------ THE INPUT ------

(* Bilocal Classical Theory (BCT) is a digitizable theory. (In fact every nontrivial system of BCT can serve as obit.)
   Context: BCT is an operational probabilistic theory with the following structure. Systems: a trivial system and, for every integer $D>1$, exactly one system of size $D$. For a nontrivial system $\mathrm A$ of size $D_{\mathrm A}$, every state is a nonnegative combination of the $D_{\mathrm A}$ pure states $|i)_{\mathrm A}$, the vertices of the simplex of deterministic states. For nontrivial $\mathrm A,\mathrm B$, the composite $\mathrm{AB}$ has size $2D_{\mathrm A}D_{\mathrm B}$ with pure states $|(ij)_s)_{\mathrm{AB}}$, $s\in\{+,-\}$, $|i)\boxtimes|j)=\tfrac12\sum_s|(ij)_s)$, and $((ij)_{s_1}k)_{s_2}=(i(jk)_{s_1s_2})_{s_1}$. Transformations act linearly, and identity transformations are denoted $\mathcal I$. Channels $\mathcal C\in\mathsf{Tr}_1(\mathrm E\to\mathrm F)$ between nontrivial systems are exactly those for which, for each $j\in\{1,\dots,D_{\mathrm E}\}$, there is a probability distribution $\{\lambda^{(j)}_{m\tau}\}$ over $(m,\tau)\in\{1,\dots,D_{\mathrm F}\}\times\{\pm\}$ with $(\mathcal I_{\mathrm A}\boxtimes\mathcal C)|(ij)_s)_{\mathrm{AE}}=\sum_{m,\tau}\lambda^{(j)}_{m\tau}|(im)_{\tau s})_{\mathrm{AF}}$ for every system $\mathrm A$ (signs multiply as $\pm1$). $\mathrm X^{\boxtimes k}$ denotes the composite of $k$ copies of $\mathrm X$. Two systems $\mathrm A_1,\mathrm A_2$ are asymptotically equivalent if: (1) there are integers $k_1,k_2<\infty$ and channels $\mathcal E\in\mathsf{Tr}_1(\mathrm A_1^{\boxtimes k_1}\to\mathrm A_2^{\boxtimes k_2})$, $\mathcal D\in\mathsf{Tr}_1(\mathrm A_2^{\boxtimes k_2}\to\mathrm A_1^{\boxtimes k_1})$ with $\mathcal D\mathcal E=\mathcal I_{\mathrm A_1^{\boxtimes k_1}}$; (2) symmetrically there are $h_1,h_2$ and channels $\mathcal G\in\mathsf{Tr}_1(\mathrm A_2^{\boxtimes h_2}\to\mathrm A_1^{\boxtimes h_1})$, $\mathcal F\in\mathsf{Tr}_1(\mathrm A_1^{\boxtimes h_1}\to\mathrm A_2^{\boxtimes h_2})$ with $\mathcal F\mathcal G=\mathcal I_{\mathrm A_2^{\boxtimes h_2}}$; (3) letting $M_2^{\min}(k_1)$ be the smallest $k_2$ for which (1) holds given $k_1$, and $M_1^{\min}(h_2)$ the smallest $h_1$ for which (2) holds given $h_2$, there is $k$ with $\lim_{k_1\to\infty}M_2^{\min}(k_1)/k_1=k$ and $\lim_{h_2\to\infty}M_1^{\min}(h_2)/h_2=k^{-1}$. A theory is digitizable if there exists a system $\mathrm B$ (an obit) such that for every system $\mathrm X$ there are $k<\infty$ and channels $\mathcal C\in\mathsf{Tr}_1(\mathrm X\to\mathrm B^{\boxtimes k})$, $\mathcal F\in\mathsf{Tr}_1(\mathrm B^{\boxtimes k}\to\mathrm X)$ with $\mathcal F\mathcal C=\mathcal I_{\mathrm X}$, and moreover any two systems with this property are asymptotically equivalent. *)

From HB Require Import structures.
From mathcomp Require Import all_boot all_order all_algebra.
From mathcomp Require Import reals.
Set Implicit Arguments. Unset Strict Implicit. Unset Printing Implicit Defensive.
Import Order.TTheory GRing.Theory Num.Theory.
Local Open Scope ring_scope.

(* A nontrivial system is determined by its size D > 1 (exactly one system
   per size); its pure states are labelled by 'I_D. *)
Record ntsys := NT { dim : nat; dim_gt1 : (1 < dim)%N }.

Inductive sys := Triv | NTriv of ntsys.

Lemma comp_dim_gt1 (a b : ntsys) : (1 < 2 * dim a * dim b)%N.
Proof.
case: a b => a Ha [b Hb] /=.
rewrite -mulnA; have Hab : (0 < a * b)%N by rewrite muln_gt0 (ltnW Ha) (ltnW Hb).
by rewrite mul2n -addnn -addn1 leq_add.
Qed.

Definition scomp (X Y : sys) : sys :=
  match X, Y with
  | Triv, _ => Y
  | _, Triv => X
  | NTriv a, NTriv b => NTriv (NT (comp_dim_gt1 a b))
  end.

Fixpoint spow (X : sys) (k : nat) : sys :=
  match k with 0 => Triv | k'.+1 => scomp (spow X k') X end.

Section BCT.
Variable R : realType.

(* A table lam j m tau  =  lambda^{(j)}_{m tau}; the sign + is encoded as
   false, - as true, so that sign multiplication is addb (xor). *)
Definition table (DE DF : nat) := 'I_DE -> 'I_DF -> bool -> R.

------
------ THE INPUT ------

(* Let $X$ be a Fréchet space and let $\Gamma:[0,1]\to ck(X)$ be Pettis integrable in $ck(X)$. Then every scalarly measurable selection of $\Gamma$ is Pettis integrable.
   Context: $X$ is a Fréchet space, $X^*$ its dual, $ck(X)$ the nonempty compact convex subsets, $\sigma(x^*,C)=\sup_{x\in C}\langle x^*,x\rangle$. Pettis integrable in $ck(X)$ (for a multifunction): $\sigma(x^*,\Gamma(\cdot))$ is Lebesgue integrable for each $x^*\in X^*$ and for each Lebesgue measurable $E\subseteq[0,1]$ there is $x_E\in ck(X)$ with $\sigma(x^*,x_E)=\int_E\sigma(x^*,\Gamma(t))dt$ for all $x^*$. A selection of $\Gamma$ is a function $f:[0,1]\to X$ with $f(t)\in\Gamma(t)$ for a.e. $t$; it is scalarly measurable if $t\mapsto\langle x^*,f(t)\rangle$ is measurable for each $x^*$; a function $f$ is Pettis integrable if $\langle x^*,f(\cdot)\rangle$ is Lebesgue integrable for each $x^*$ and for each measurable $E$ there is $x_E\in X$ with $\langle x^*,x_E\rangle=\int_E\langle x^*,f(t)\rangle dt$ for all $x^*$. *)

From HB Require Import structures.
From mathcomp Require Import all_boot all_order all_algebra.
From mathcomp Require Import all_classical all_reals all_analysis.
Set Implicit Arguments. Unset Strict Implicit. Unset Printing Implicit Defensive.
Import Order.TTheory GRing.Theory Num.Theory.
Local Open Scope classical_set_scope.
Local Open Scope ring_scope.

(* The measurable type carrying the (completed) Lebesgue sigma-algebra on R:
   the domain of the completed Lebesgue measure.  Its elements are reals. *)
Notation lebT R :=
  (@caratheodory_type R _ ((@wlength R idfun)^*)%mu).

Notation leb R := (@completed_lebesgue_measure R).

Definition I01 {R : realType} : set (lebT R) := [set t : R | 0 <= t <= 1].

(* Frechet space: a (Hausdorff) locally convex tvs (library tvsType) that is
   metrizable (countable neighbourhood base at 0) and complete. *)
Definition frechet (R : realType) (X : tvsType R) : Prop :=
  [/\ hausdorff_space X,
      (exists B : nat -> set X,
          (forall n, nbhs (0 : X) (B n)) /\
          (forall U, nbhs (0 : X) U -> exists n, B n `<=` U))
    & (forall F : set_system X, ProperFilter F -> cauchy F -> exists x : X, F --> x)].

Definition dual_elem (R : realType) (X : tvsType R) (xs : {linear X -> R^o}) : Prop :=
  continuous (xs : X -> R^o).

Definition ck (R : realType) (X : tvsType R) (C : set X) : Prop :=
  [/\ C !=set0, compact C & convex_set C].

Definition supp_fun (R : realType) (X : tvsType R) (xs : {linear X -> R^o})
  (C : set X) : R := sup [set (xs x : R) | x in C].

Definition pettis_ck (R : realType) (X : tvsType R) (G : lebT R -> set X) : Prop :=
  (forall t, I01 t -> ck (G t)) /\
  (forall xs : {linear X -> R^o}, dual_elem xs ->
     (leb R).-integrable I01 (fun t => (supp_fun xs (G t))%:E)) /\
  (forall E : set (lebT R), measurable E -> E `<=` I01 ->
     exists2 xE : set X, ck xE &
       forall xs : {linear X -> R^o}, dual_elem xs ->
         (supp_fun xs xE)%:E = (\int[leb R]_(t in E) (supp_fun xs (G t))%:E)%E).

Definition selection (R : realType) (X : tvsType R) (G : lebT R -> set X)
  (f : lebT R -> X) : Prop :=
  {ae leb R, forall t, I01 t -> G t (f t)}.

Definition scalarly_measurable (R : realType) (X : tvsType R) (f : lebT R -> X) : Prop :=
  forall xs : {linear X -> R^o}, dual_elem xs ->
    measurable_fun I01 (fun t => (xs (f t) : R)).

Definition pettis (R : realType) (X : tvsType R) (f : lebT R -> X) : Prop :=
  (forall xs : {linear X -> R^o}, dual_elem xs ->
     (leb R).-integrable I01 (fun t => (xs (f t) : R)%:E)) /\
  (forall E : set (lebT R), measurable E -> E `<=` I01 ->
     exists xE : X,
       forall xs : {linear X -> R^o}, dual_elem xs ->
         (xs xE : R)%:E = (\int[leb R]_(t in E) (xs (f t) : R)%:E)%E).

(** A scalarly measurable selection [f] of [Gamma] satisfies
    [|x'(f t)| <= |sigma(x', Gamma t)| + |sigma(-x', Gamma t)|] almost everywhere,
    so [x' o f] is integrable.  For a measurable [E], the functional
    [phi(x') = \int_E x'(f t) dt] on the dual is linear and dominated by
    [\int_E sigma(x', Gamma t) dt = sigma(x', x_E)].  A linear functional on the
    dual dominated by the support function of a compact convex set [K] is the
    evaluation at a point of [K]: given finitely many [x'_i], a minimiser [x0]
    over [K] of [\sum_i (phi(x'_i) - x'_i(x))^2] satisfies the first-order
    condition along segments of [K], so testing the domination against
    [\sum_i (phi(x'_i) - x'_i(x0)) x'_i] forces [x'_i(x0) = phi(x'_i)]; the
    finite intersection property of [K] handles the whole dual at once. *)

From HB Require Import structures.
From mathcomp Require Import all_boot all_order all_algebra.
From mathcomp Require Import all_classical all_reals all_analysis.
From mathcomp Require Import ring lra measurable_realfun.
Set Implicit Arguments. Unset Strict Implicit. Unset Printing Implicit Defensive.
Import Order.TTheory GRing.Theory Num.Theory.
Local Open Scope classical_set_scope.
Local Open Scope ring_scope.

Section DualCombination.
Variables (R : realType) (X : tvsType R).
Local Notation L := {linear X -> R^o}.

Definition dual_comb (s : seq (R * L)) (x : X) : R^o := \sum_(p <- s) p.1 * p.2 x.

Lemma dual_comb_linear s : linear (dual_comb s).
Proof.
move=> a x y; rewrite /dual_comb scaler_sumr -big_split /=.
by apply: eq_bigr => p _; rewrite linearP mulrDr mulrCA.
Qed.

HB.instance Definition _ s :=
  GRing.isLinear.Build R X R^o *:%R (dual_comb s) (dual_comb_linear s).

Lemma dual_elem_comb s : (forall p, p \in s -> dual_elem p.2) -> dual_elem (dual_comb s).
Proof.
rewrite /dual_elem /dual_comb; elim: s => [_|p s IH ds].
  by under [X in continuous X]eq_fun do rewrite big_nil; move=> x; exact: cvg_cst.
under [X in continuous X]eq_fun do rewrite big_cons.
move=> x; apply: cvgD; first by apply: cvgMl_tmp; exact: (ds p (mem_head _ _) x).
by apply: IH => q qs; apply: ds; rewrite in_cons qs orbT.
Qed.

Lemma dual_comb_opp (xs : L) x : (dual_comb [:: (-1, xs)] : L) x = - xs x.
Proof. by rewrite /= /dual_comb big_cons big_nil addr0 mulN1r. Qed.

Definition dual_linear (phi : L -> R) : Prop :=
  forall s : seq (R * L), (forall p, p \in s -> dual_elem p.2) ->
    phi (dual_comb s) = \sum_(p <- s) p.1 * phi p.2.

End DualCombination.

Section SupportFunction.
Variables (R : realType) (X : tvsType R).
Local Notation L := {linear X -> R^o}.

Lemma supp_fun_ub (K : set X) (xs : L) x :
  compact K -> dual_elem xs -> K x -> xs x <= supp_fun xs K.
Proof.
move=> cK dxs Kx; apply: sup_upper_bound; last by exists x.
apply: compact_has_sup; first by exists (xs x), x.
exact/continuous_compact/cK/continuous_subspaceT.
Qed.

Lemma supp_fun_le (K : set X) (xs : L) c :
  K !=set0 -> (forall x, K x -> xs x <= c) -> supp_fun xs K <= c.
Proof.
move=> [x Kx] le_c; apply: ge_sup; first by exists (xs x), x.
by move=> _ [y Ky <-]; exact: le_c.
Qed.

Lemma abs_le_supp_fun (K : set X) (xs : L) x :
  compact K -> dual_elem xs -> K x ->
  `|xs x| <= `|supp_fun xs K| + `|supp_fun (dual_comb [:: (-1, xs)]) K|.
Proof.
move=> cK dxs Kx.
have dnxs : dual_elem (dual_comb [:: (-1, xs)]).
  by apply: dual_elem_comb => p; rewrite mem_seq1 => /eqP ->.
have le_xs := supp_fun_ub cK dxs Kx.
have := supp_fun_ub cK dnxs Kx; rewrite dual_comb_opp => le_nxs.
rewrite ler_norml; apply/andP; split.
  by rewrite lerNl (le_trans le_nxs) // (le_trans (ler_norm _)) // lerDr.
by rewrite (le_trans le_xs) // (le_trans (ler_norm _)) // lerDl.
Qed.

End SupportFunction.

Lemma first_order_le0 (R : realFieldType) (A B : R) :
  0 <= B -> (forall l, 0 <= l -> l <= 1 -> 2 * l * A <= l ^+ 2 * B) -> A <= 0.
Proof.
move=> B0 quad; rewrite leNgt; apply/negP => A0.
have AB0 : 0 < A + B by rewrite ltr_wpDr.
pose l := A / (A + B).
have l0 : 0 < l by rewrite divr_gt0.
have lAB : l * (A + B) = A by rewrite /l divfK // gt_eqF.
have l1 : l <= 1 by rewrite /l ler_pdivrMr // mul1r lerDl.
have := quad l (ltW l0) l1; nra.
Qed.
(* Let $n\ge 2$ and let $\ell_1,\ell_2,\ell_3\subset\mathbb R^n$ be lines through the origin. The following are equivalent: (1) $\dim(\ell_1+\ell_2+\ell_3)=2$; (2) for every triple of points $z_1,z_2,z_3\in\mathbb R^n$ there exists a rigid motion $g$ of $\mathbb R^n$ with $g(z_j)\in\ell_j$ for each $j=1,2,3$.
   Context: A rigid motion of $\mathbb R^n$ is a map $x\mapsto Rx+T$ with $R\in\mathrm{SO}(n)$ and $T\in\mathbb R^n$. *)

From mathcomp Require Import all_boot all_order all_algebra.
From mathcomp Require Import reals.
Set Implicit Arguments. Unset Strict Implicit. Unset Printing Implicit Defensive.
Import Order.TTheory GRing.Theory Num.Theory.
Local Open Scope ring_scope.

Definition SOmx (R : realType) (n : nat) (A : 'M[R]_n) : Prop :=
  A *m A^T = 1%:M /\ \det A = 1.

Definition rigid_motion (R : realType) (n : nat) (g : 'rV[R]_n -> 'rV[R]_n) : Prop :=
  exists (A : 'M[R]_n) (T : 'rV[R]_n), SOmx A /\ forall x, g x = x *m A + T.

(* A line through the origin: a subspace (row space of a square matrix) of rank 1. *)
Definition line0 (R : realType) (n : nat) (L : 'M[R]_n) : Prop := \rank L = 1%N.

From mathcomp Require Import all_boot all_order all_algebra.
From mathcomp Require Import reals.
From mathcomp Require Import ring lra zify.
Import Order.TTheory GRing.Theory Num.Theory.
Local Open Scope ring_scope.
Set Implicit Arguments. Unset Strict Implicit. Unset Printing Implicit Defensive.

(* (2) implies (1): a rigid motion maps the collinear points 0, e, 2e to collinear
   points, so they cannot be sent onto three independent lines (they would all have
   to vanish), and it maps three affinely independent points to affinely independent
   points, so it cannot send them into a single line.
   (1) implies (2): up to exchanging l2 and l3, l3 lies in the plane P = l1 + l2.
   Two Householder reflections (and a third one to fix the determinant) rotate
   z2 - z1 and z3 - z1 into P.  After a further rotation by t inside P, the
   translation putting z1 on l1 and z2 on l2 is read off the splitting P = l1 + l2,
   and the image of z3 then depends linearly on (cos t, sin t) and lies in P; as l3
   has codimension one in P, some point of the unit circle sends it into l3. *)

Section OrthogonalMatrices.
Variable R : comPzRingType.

------
------ THE INPUT ------

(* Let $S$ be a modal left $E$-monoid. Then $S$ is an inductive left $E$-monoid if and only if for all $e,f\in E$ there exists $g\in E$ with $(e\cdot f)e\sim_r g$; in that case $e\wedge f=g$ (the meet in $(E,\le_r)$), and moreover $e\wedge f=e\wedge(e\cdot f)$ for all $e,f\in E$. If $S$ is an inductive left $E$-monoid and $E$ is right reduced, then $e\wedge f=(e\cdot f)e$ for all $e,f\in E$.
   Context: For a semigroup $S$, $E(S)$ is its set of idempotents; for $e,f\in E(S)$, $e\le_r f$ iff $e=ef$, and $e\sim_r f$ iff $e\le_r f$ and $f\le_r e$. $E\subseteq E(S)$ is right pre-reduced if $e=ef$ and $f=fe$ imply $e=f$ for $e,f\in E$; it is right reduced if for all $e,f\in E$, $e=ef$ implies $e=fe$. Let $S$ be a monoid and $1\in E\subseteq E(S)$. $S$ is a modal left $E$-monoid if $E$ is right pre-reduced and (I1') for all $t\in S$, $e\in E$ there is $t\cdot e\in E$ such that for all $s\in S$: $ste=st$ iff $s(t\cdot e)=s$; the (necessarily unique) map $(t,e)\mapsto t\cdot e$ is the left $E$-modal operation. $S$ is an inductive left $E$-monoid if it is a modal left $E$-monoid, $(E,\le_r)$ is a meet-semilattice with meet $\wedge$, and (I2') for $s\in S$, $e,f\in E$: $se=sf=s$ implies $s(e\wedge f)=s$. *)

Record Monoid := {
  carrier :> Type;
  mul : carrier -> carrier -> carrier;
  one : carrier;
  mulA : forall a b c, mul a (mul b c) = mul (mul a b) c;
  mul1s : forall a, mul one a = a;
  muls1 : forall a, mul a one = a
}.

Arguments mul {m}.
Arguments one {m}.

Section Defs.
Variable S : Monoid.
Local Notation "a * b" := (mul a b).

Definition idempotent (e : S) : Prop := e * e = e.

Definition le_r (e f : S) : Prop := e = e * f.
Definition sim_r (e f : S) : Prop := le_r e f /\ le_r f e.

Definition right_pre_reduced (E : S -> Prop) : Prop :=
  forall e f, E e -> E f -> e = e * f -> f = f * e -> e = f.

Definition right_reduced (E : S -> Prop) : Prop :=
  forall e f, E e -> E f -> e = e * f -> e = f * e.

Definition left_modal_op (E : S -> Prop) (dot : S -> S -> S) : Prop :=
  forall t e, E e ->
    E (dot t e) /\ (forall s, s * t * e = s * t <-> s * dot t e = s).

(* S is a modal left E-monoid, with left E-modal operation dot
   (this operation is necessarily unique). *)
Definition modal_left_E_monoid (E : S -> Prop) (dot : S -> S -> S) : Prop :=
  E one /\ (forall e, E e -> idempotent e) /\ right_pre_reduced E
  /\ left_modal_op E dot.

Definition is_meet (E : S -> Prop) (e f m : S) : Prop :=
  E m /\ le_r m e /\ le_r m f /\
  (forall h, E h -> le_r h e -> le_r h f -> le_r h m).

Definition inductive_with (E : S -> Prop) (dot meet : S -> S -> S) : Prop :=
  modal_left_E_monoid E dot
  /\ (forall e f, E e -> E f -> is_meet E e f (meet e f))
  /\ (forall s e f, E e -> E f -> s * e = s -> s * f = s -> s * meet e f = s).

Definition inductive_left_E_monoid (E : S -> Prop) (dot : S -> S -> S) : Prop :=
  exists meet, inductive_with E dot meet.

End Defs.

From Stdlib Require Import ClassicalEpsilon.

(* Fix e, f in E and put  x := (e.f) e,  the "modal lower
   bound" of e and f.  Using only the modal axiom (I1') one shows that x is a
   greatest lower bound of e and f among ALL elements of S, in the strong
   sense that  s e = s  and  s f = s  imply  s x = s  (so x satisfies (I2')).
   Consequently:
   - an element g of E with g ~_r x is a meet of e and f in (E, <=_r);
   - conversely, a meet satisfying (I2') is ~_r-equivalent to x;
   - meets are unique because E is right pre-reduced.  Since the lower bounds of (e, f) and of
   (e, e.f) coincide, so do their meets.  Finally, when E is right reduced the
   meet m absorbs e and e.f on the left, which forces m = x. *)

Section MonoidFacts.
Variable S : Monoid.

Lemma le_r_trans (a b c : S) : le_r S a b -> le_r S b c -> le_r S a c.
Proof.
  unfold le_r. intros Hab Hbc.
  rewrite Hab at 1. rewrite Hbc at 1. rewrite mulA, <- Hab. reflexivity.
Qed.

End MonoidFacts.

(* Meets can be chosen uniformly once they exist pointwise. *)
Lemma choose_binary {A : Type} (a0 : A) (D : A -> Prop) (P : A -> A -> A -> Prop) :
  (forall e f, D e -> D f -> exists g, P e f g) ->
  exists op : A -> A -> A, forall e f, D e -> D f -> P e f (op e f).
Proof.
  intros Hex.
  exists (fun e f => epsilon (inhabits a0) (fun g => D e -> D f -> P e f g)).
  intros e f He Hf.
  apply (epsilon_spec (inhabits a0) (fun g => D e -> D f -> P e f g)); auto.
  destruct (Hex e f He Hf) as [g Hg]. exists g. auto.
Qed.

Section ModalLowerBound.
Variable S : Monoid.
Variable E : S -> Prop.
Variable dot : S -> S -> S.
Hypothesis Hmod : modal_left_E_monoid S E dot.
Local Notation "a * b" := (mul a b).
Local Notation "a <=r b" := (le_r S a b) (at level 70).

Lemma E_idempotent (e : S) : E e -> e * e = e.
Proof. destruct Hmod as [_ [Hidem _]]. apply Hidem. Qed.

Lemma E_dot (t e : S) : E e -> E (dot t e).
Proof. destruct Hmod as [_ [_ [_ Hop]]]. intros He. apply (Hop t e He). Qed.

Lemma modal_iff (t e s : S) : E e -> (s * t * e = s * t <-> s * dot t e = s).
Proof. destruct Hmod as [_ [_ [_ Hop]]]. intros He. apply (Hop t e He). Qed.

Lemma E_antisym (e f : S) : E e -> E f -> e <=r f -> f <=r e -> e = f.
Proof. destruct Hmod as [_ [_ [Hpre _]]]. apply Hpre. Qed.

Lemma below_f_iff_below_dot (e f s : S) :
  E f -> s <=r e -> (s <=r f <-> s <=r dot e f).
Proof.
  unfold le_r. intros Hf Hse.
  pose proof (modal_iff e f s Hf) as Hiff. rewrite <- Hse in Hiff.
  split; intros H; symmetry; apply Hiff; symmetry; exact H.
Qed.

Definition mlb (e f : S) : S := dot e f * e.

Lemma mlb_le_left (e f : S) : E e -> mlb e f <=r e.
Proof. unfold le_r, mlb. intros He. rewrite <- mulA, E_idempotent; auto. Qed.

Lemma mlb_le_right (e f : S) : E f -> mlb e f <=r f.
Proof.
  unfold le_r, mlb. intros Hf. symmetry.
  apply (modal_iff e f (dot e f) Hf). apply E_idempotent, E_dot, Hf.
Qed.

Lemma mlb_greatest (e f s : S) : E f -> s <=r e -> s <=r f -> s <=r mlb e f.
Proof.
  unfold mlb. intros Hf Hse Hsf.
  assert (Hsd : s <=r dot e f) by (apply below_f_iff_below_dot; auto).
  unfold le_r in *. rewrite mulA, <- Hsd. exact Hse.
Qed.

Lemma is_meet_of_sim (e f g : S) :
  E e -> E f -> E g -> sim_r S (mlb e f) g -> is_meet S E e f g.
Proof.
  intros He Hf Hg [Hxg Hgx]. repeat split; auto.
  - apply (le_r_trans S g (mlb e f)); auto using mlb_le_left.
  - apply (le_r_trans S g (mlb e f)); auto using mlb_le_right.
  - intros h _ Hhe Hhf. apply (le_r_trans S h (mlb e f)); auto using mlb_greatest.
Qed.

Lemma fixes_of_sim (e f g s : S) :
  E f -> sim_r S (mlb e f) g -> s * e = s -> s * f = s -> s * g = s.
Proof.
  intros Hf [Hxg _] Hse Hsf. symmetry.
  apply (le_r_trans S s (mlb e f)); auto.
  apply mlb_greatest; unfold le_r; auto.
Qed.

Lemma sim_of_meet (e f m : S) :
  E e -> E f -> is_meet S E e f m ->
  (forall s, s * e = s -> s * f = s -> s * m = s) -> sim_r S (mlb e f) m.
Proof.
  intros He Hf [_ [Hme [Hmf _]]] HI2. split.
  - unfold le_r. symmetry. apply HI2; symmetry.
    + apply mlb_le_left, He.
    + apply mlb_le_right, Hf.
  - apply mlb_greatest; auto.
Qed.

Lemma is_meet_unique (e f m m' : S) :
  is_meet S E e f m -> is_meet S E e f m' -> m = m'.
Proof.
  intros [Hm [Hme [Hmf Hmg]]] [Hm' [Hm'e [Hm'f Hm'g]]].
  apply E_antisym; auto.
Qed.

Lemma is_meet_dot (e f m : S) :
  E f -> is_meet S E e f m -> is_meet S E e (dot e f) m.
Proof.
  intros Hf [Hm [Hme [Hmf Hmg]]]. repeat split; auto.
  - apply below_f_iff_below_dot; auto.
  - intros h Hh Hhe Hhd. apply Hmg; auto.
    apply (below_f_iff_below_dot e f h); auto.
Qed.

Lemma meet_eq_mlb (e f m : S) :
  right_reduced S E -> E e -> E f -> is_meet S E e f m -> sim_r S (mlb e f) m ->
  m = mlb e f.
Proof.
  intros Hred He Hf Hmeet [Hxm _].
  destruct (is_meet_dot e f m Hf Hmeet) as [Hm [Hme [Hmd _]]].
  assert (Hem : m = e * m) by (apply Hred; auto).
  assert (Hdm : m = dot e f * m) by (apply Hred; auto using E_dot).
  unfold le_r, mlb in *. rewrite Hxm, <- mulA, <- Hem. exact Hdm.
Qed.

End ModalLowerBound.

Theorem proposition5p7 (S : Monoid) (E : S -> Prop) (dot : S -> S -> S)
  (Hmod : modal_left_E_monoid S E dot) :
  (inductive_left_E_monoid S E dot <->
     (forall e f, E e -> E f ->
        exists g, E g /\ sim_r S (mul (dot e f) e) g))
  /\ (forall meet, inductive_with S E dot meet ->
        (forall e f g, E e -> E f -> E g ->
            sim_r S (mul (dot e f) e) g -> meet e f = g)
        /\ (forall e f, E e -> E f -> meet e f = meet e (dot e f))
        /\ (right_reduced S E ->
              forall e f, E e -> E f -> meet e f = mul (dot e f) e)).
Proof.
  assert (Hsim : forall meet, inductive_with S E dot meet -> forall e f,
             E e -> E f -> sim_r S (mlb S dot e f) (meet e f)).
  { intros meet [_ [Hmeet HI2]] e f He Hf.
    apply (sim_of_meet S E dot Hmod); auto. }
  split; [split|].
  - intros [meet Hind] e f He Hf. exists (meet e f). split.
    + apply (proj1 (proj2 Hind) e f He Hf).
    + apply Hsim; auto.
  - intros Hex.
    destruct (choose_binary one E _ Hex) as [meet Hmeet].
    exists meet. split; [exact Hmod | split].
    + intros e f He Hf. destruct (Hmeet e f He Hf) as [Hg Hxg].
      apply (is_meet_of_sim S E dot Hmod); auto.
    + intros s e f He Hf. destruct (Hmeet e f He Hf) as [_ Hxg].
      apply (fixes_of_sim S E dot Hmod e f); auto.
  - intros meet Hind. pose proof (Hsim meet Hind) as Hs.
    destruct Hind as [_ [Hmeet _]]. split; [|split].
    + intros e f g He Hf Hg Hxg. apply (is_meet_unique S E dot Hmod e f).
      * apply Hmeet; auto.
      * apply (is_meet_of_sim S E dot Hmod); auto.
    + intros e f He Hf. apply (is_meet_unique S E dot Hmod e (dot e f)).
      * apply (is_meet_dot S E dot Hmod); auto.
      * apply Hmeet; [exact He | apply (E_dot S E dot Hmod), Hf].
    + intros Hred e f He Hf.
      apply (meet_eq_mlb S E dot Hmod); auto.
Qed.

------

■ WORK REQUIRED ■
Check each line above for "SOmx" and return the ones that have it.

■ ANSWER TO THIS PROBLEM ■
Definition SOmx (R : realType) (n : nat) (A : 'M[R]_n) : Prop :=
  exists (A : 'M[R]_n) (T : 'rV[R]_n), SOmx A /\ forall x, g x = x *m A + T.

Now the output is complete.